The track was located on vacant land on the northwest corner of Lewis and Weber Road just south of what was then Highway 40.

Rodgers described what remains of the raceway now as little more than "a ghost track" with little more than patches of weed-dominated asphalt, a lonely power pole and a decrepit entry gate.

"It just crumbled away," Rodgers said, adding that almost all of the track was disked under after it was closed to keep local kids from sneaking their cars onto the track for impromptu races.

One has to take to the air or use Google satellite maps to see the discernible outline of the oval track and the drag strip.

The aerial view makes it easy to understand why the drag race organizers had their dragsters race north to south.

McCombe said that if they ran the drag races the other direction, there was a good chance that racers who failed to slow down quickly enough would end up tearing down eastbound Highway 40/I-80, much to the chagrin of more sedate commuters.

McCombe had been working at the track when he was offered the job for $35 "and I was told you could race your own car," McCombe said.

Its promoters in the 1950s said it was the second track in the state to be built for sports car racing and designed in cooperation with the Sport Car Club of America for maximum driver and spectator safety, according to Rodgers.

The track was built by Royce Ratterman, a Richmond contractor, and Harry Burge, a Concord businessman, as an Indy-style 2.1-mile, seven-turn race track which also incorporated a 1.25-mile interior oval with banked turns and a 4,500-foot drag strip on the east side.

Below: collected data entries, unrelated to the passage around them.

Lemma fconj_trans P R V : fconj hom P R -> fconj hom R V -> fconj hom P V.
Proof.
case/fconjP => phi [hphi <-] /fconjP[psi [hpsi <-]].
apply/fconjP; exists (restr P (fun x => psi (phi x))); split; first exact: hom_compose.
by rewrite imset_restr // imset_comp.
Qed.

Lemma fconj_group_set P R : fconj hom P R ->
  [/\ group_set P, P \subset S, group_set R & R \subset S].
Proof.
case/fconjP => phi [hphi <-].
by rewrite (hom_group_set hphi) (hom_sub hphi) (hom_imset_group_set hphi) (hom_imset_sub hphi).
Qed.

Lemma exists_fully_normalized_conj P : group_set P -> P \subset S ->
  exists2 R, fconj hom P R & fully_normalized S hom R.
Proof.
move=> gP /(fconj_refl gP) PP.
have [R PR maxR] := arg_maxnP (fun U => #|'N_S(U)|) PP.
exists R => //; apply/forall_inP => U RU.
exact/maxR/(fconj_trans PR).
Qed.

Lemma hom_aut_injective P phi : hom P phi -> phi @: P = P -> injective phi.
Proof.
move=> hphi phiP x y.
have phi_in z : z \in P -> phi z \in P by move=> Pz; rewrite -phiP imset_f.
case Px: (x \in P); case Py: (y \in P).
- exact: (hom_inj hphi).
- by rewrite (hom_out hphi (negbT Py)) => exy; move: (phi_in _ Px); rewrite exy Py.
- by rewrite (hom_out hphi (negbT Px)) => exy; move: (phi_in _ Py); rewrite -exy Px.
- by rewrite !(hom_out hphi) ?Px ?Py.
Qed.

Lemma AutFP P (s : {perm gT}) : reflect (hom P [ffun x => s x] /\ s @: P = P) (s \in AutF hom P).
Proof. by rewrite inE; apply: (iffP andP) => -[? /eqP]. Qed.

Lemma toperm_AutF P phi : hom P phi -> phi @: P = P -> toperm phi \in AutF hom P.
Proof.
move=> hphi phiP; have tE := topermE (hom_aut_injective hphi phiP).
apply/AutFP; split; last by rewrite (eq_imset _ tE).
by congr hom: hphi; apply/ffunP => x; rewrite ffunE tE.
Qed.

Lemma AutF_mem P (s : {perm gT}) x : s \in AutF hom P -> (s x \in P) = (x \in P).
Proof. by case/AutFP => _ sP; rewrite -{1}sP mem_imset //; apply: perm_inj. Qed.

Lemma AutFJ P (s : {perm gT}) : s \in AutF hom P ->
  {in P &, forall x y, s (x ^ y) = s x ^ s y}.
Proof.
case/AutFP => /hom_morphism[G [f [-> fE _]]] _ x y Gx Gy.
by have := morphJ f Gx Gy; rewrite !fE !ffunE.
Qed.

Lemma AutF_group_set (P : {group gT}) : P \subset S -> group_set (AutF hom P).
Proof.
move=> sPS; apply/group_setP; split.
  apply/AutFP; rewrite (eq_imset _ (@perm1 gT)) imset_id; split=> //.
  by congr hom: (hom_conj sPS (group1 S)); apply/ffunP => x; rewrite !ffunE perm1 conjg1 if_same.
move=> s t /AutFP[hs sP] /AutFP[ht tP]; apply/AutFP.
rewrite (eq_imset _ (permM s t)) imset_comp sP tP; split=> //.
have sP' : [ffun x => s x] @: P = P by rewrite -{2}sP; apply: eq_imset => x; rewrite ffunE.
have := hom_compose hs (etrans (congr1 (hom^~ _) sP') ht).
congr hom; apply/ffunP => x; rewrite /restr !ffunE permM; case: ifP => // /negbT Px.
by have := hom_out ht Px; have := hom_out hs Px; rewrite !ffunE => -> ->.
Qed.

Lemma conj_onP P g (s : {perm gT}) :
  reflect (forall x, s x = if x \in P then x ^ g else x) (conj_on P g s).
Proof. by apply: (iffP forallP) => sE x; apply/eqP. Qed.

Lemma conj_on1 P : conj_on P 1 1.
Proof. by apply/conj_onP => x; rewrite perm1 conjg1 if_same. Qed.

Lemma conj_onM (P : {group gT}) g h (s t : {perm gT}) : g \in 'N(P) ->
  conj_on P g s -> conj_on P h t -> conj_on P (g * h) (s * t).
Proof.
move=> Ng /conj_onP sE /conj_onP tE; apply/conj_onP => x.
by rewrite permM sE; case: ifP => Px; rewrite tE ?memJ_norm ?Px ?conjgM.
Qed.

It was reputed to be one of the first such tracks to have all three in one location

Everything from Indianapolis-style cars, sprint cars and midgets, to dragsters, motorcycles and sports cars from Fords to Ferraris completed at the raceways that also boasted grandstand seating, concession areas and parking for 15,000.

Racing - at least drag racing - was held in the area before the Vaca Valley Raceways was opened, according to Rodgers' research.

Dragsters from as far away as San Diego came up to an abandoned gliderport runways called the Vacaville Drag Strip, where locals raced their drag cars in the 1950s.

Vaca Valley Raceways opened July 5, 1958 on land owned by Durham Jones with two days of sports car road races that were sanctioned.